In this post, lets see how volatile works with two simple C programs. In complex programs with multiple variables and loops volatile keyword will make significant difference in speed and memory usage.

GCC provides many compiler optimization flags. Enabling them will aggressively optimize the code and give better performance in terms of speed and memory footprint. As these optimizations make debugging harder, they are not suitable development. All available GCC compiler optimization flags can be get from following command.

$ $CC --help=optimizers
The following options control optimizations:
  -O<number>                  Set optimization level to <number>.
  -Ofast                      Optimize for speed disregarding exact standards compliance.
  -Og                         Optimize for debugging experience rather than speed or size.
  -Os                         Optimize for space rather than speed.
  -faggressive-loop-optimizations Aggressively optimize loops using language constraints.
.
.
.

For simplicity, I used only -Ofast optimizer for the examples. It informs GCC to do its best to make the program run faster. We'll see how compiler builds, with and without volatile. GCC will give assembly code output with -S options.

Take the following C program.

#include <stdio.h>

int main() {
    int *x = (int *)0xc000;
    int b = *x;
    int c = *x;
    *x = b + c;
    return 0;
}
Don't worry about dereferencing a random virtual address. We are not going to run this program, just build the assembly code and examine manually. I use pointers in these programs. Because using immediate value makes no sense with volatile. We have an integer pointer x points to address 0xc000. We initialize two variables b and c with value in address 0xc000. And then addition of b and c is stored in location 0xc000. So we read the value in location 0xc000 twice in this program.

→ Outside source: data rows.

Lemma row_info_const u : row_info u = row_info u0.
Proof.
have [s s_inj W_s] := W_row_perm u.
by rewrite /row_info [RHS](reindex_inj s_inj); apply: eq_bigr => z _; rewrite W_s.
Qed.

Lemma mutinfo_le_uniform p : is_dist p -> mutinfo p <= mutinfo (fun _ => N^-1).
Proof.
move=> p_dist; have T_gt0 : (0 < #|T|)%N by apply/card_gt0P; exists u0.
rewrite mutinfo_uniform //; apply: le_trans (mutinfo_le_row_info p_dist) _.
under eq_bigr do rewrite row_info_const.
under [X in _ <= X]eq_bigr do rewrite row_info_const.
rewrite -!mulr_suml (proj2 p_dist) sumr_const -[_ *+ _]mulr_natr.
by rewrite mulVf ?pnatr_eq0 -?lt0n.
Qed.

End WeaklySymmetricChannel.

Definition base_xor (a b : base) : base := inord (Nat.lxor a b).

Definition codon_xor (k u : codon) : codon :=
  (base_xor k.1.1 u.1.1, base_xor k.1.2 u.1.2, base_xor k.2 u.2).

Ltac case_base a := case: a => [[|[|[|[|?]]]] ?] //.

Lemma base_xorE a b : nat_of_ord (base_xor a b) = Nat.lxor a b.
Proof. by rewrite /base_xor inordK //; case_base a; case_base b. Qed.

Lemma base_xorK a b : base_xor a (base_xor a b) = b.
Proof. by apply/val_inj; rewrite /= !base_xorE; case_base a; case_base b. Qed.

Lemma base_xorxx a : base_xor a a = ord0.
Proof. by apply/val_inj; rewrite /= base_xorE; case_base a. Qed.

Lemma base_xor_inj a : injective (base_xor a).
Proof. exact: can_inj (base_xorK a). Qed.

(* On 0..3, y + z = 3 iff y xor z = 3, and xor-ing both with k leaves
   y xor z unchanged. *)
Lemma base_xor_transition k y z :
  (base_xor k y + base_xor k z == 3)%N = (y + z == 3)%N.
Proof. by rewrite !base_xorE; case_base k; case_base y; case_base z. Qed.

Lemma codon_xorK k u : codon_xor k (codon_xor k u) = u.
Proof. by case: u => [[a b] c]; rewrite /codon_xor /= !base_xorK. Qed.

Lemma codon_xor_inj k : injective (codon_xor k).
Proof. exact: can_inj (codon_xorK k). Qed.

Lemma card_codon : #|{: codon}| = 64%N.
Proof. by rewrite !card_prod !card_ord. Qed.

Lemma sum_codon_mul (R : pzSemiRingType) (a b c : base -> R) :
  \sum_(u : codon) a u.1.1 * b u.1.2 * c u.2 =
  (\sum_i a i) * (\sum_j b j) * (\sum_k c k).
Proof.
rewrite -(pair_bigA _ (fun (ij : base * base) k => a ij.1 * b ij.2 * c k)) /=.
rewrite -(pair_bigA _ (fun i j => \sum_k a i * b j * c k)) /=.
rewrite [X in X * _]mulr_suml mulr_suml; apply: eq_bigr => i _.
rewrite [X in X * _]mulr_sumr mulr_suml; apply: eq_bigr => j _.
by rewrite mulr_sumr.
Qed.

Section KimuraChannel.
Variables (R : realType) (q g : R).

Lemma Pi_base_xor k y z : Pi q g (base_xor k y) (base_xor k z) = Pi q g y z.
Proof. by rewrite !mxE (inj_eq (@base_xor_inj k)) base_xor_transition. Qed.

Lemma Pi_row_sum y : \sum_z Pi q g y z = 1.
Proof. by rewrite !big_ord_recr big_ord0 /= !mxE; case_base y; rewrite /=; ring. Qed.

Lemma Pi_col_sum z : \sum_y Pi q g y z = 1.
Proof.
by rewrite -(Pi_row_sum z); apply: eq_bigr => y _; rewrite !mxE eq_sym addnC.
Qed.

Lemma Pi_ge0 : 0 <= q <= 1 -> 0 <= g <= 3 / 2 -> forall y z, 0 <= Pi q g y z.
Proof.
move=> /andP[q_ge0 q_le1] /andP[g_ge0 g_le] y z.
by rewrite mxE; case: ifP => _; [lra | case: ifP => _; nra].
Qed.

Variable m : nat.
Local Notation P := (Pi q g ^+ m).

Lemma W_ge0 : 0 <= q <= 1 -> 0 <= g <= 3 / 2 -> forall u z, 0 <= W q g m u z.
Proof. by move=> hq hg u z; rewrite !mulr_ge0 // exp_mx_ge0 //; apply: Pi_ge0. Qed.

Lemma W_row_sum u : \sum_z W q g m u z = 1.
Proof.
rewrite (sum_codon_mul (P u.1.1) (P u.1.2) (P u.2)).
by rewrite !exp_mx_row_sum1 ?mul1r //; apply: Pi_row_sum.
Qed.

Lemma W_col_sum z : \sum_u W q g m u z = 1.
Proof.
rewrite (sum_codon_mul (P^~ z.1.1) (P^~ z.1.2) (P^~ z.2)).
by rewrite !exp_mx_col_sum1 ?mul1r //; apply: Pi_col_sum.
Qed.

Lemma W_codon_xor k u z : W q g m (codon_xor k u) (codon_xor k z) = W q g m u z.
Proof.
have P_xor a := exp_mx_invariant (@base_xor_inj a) (Pi_base_xor a) m.
by rewrite /W /= !P_xor.
Qed.

Lemma W_row_perm u : exists2 s : codon -> codon, injective s &
  forall z, W q g m u z = W q g m (ord0, ord0, ord0) (s z).
Proof.
exists (codon_xor u) => [|z]; first exact: codon_xor_inj.
by rewrite -(W_codon_xor u u z) /codon_xor !base_xorxx.
Qed.

End KimuraChannel.

Lemma aa_code_surj :
  all (fun x => has (fun n => aa_code (n %/ 16) (n %/ 4 %% 4) (n %% 4) == x)
                    (iota 0 64))
      (iota 0 21).
Proof. by []. Qed.

Lemma alpha_surj (x : aa) : exists u, alpha u = x.
Proof.
have /allP/(_ x) := aa_code_surj; rewrite mem_iota ltn_ord => /(_ isT).
case/hasP=> n; rewrite mem_iota add0n => n_lt64 /eqP code_n.
have a_lt : (n %/ 16 < 4)%N by rewrite ltn_divLR.
have b_lt : (n %/ 4 %% 4 < 4)%N by rewrite ltn_mod.
have c_lt : (n %% 4 < 4)%N by rewrite ltn_mod.
exists (Ordinal a_lt, Ordinal b_lt, Ordinal c_lt).
by apply/val_inj; rewrite /alpha /= inordK // code_n.
Qed.

Definition fibre (x : aa) : {set codon} := [set u | alpha u == x].

Lemma card_fibre_gt0 x : (0 < #|fibre x|)%N.
Proof.
by have [u ux] := alpha_surj x; apply/card_gt0P; exists u; rewrite inE ux.
Qed.

Section AminoAcidMarginal.
Variable R : realType.

Definition fibre_uniform (x : aa) (u : codon) : R :=
  if alpha u == x then #|fibre x|%:R^-1 else 0.

Lemma p_alpha_is_dist : is_dist (@p_alpha R).
Proof.
split=> [x|]; first by rewrite divr_ge0 ?ler0n.
rewrite -mulr_suml -natr_sum.
have -> : (\sum_x #|fibre x|)%N = #|{: codon}|.
  rewrite -sum1_card (partition_big alpha predT) //=; apply: eq_bigr => x _.
  by rewrite -sum1_card; apply: eq_bigl => u; rewrite inE.
by rewrite card_codon divff ?pnatr_eq0.
Qed.

Lemma fibre_uniform_admissible : admissible_cond fibre_uniform.
Proof.
have fibre_neq0 x : (#|fibre x|%:R : R) != 0.
  by rewrite pnatr_eq0 -lt0n card_fibre_gt0.
move=> x; split; last by move=> u /negPf; rewrite /fibre_uniform => ->.
split=> [u|]; first by rewrite /fibre_uniform; case: ifP; rewrite ?invr_ge0 ?ler0n.
transitivity (\sum_(u in fibre x) (#|fibre x|%:R : R)^-1).
  by rewrite [RHS]big_mkcond; apply: eq_bigr => u _; rewrite inE.
by rewrite sumr_const -[_ *+ _]mulr_natl mulfV.
Qed.

Lemma joint_fibre_uniform u : joint (@p_alpha R) fibre_uniform u = 64^-1.
Proof.
have fibre_neq0 : (#|fibre (alpha u)|%:R : R) != 0.
  by rewrite pnatr_eq0 -lt0n card_fibre_gt0.
by rewrite /joint /fibre_uniform eqxx /p_alpha -/(fibre _) mulrAC mulfV ?mul1r.
Qed.

Lemma joint_is_dist (c : aa -> codon -> R) :
  admissible_cond c -> is_dist (joint (@p_alpha R) c).
Proof.
move=> c_adm; have [p_ge0 p_sum] := p_alpha_is_dist.
split=> [u|]; first by rewrite mulr_ge0 //; case: (c_adm (alpha u)) => [[]].
rewrite (partition_big alpha predT) //= -p_sum; apply: eq_bigr => x _.
have [[_ c_sum] c_supp] := c_adm x.
rewrite -[RHS]mulr1 -c_sum mulr_sumr [RHS](bigID (fun u => alpha u == x)) /=.
rewrite [X in _ + X]big1 ?addr0 => [|u /c_supp ->]; last by rewrite mulr0.
by apply: eq_bigr => u /eqP ux; rewrite /joint ux.
Qed.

Let see how it gets compiled by GCC form ARMv8.

$ echo $CC
aarch64-poky-linux-gcc --sysroot=/opt/poky/2.4.2/sysroots/aarch64-poky-linux
kaba@kaba-Vostro-1550:~/Desktop/volatile/single_varuable_two_reads
$ $CC -S -Ofast ./code.c -o code.S
kaba@kaba-Vostro-1550:~/Desktop/volatile/single_varuable_two_reads
$

    .arch armv8-a
    .file   "code.c"
    .text
    .section    .text.startup,"ax",@progbits
    .align  2
    .p2align 3,,7
    .global main
    .type   main, %function
main:
    mov x2, 49152
    mov w0, 0
    ldr w1, [x2]
    lsl w1, w1, 1
    str w1, [x2]
    ret
    .size   main, .-main
    .ident  "GCC: (GNU) 7.3.0"
    .section    .note.GNU-stack,"",@progbits
The compiler intelligently finds that variable b and c have same value from address 0xc000 and addition of them is equivalent to multiplying the value at 0xc000 by two. So it loads the value into register W1 and left shifts it by 1 (equivalent of multiplying with two) and then stores the new value into location 0xc000.

Now lets change the code to use volatile for variable x. And see how the assembly code looks.

#include <stdio.h>

int main() {
    volatile int *x = (int *)0xc000;
    int b = *x;
    int c = *x;
    *x = b + c;
    return 0;
}
    .arch armv8-a
    .file   "code.c"
    .text
    .section    .text.startup,"ax",@progbits
    .align  2
    .p2align 3,,7
    .global main
    .type   main, %function
main:
    mov x1, 49152
    mov w0, 0
    ldr w2, [x1]
    ldr w3, [x1]
    add w2, w2, w3
    str w2, [x1]
    ret
    .size   main, .-main
    .ident  "GCC: (GNU) 7.3.0"
    .section    .note.GNU-stack,"",@progbits
This time the compiler considers that the value at location 0xc000 may be different each time it reads. It thinks that the variables b and c could be initialized with different values. So it reads the location 0xc000 twice and adds both values.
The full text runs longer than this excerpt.